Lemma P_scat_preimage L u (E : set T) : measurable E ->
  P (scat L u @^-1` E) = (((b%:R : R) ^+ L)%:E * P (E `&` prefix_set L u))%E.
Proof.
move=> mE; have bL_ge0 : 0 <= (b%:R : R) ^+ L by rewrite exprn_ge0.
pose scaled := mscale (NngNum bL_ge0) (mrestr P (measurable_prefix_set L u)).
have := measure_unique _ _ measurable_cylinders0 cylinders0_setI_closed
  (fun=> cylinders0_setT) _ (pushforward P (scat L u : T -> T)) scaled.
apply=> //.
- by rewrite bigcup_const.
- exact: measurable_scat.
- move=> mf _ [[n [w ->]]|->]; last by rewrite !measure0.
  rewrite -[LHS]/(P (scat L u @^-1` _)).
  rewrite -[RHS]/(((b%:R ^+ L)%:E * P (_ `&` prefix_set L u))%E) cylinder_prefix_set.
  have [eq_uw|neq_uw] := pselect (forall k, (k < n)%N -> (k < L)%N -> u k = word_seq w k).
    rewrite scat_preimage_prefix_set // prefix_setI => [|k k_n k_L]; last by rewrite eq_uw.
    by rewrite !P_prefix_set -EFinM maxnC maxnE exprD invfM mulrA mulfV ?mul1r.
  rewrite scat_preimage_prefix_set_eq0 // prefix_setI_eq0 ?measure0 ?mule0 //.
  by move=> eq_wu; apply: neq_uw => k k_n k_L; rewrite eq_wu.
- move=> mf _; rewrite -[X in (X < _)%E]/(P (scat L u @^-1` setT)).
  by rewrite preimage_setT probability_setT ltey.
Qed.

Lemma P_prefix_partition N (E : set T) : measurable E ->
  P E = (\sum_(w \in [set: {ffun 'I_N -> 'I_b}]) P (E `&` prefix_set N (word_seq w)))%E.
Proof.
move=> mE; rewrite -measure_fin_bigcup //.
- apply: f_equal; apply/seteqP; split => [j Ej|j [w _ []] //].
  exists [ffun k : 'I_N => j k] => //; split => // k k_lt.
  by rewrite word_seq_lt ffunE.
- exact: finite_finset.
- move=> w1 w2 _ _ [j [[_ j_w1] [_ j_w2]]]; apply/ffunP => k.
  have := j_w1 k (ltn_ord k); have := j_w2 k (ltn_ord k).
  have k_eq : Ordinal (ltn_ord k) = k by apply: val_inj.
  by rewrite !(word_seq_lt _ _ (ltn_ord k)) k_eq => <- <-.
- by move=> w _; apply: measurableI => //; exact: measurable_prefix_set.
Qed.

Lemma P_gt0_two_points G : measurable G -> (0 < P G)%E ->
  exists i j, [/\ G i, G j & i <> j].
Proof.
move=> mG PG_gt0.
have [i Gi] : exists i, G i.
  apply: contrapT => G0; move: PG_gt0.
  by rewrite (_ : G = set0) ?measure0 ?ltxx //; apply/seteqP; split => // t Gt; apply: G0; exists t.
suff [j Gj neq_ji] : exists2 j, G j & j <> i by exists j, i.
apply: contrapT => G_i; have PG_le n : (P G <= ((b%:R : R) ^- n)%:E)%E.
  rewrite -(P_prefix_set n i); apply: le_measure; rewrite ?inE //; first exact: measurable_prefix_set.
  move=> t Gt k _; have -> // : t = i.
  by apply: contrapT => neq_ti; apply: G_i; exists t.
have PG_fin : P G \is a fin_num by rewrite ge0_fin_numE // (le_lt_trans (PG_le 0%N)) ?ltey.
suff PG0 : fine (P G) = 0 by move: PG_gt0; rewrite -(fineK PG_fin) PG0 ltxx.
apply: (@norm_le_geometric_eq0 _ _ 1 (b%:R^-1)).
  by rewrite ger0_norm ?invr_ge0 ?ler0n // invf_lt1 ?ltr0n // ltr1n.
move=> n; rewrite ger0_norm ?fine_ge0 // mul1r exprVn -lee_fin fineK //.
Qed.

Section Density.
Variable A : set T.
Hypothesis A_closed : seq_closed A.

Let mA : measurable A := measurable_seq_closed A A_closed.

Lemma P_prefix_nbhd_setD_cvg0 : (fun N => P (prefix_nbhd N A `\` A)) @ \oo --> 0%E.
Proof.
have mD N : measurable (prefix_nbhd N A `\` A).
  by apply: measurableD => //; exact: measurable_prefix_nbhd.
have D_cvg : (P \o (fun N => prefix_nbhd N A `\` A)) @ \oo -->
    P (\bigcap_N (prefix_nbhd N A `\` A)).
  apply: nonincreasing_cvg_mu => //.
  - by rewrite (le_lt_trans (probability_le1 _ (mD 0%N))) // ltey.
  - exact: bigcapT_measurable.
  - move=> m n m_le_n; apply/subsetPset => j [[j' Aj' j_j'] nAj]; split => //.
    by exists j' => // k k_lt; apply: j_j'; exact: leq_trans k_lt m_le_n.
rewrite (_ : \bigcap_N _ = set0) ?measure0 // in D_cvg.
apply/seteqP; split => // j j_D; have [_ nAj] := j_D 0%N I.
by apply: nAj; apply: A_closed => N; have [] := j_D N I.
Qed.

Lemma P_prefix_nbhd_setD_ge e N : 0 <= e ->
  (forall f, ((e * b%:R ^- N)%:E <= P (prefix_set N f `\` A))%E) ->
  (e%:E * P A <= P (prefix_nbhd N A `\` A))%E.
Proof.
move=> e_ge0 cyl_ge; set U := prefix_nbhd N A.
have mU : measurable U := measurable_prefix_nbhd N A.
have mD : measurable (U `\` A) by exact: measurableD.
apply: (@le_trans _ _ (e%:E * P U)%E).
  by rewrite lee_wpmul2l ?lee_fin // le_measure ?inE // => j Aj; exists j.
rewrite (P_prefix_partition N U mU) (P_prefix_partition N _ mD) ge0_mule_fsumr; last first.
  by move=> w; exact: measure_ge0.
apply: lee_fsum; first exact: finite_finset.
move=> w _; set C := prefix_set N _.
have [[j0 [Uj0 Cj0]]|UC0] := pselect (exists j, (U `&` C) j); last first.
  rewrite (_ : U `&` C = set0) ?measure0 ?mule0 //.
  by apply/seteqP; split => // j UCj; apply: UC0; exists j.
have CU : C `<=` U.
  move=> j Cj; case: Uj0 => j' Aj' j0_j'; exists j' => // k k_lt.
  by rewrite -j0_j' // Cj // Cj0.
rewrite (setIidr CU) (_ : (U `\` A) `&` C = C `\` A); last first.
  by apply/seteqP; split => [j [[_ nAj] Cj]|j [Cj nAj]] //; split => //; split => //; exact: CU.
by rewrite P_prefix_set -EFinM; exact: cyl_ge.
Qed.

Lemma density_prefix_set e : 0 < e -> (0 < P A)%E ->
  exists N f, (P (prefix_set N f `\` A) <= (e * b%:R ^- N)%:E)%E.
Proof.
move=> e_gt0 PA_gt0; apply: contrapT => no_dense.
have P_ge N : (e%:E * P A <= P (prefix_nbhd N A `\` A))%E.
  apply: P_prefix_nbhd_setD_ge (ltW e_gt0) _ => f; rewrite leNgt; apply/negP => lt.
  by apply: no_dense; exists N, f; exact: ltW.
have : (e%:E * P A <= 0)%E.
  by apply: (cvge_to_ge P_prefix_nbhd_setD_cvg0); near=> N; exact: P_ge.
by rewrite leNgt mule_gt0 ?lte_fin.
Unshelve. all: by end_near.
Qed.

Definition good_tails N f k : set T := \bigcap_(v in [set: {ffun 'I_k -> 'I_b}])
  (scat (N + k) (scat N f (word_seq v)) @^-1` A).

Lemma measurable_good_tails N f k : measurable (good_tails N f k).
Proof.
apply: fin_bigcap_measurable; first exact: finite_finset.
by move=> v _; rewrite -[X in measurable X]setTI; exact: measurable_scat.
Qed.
——————————
**Instructions to follow**
Search the listing above for the lines with "move=> e_gt0 PA_gt0;" and "by apply: (cvge_to_ge", then output those lines and all lines between them exactly.

**Solution for this problem**
move=> e_gt0 PA_gt0; apply: contrapT => no_dense.
have P_ge N : (e%:E * P A <= P (prefix_nbhd N A `\` A))%E.
  apply: P_prefix_nbhd_setD_ge (ltW e_gt0) _ => f; rewrite leNgt; apply/negP => lt.
  by apply: no_dense; exists N, f; exact: ltW.
have : (e%:E * P A <= 0)%E.
  by apply: (cvge_to_ge P_prefix_nbhd_setD_cvg0); near=> N; exact: P_ge.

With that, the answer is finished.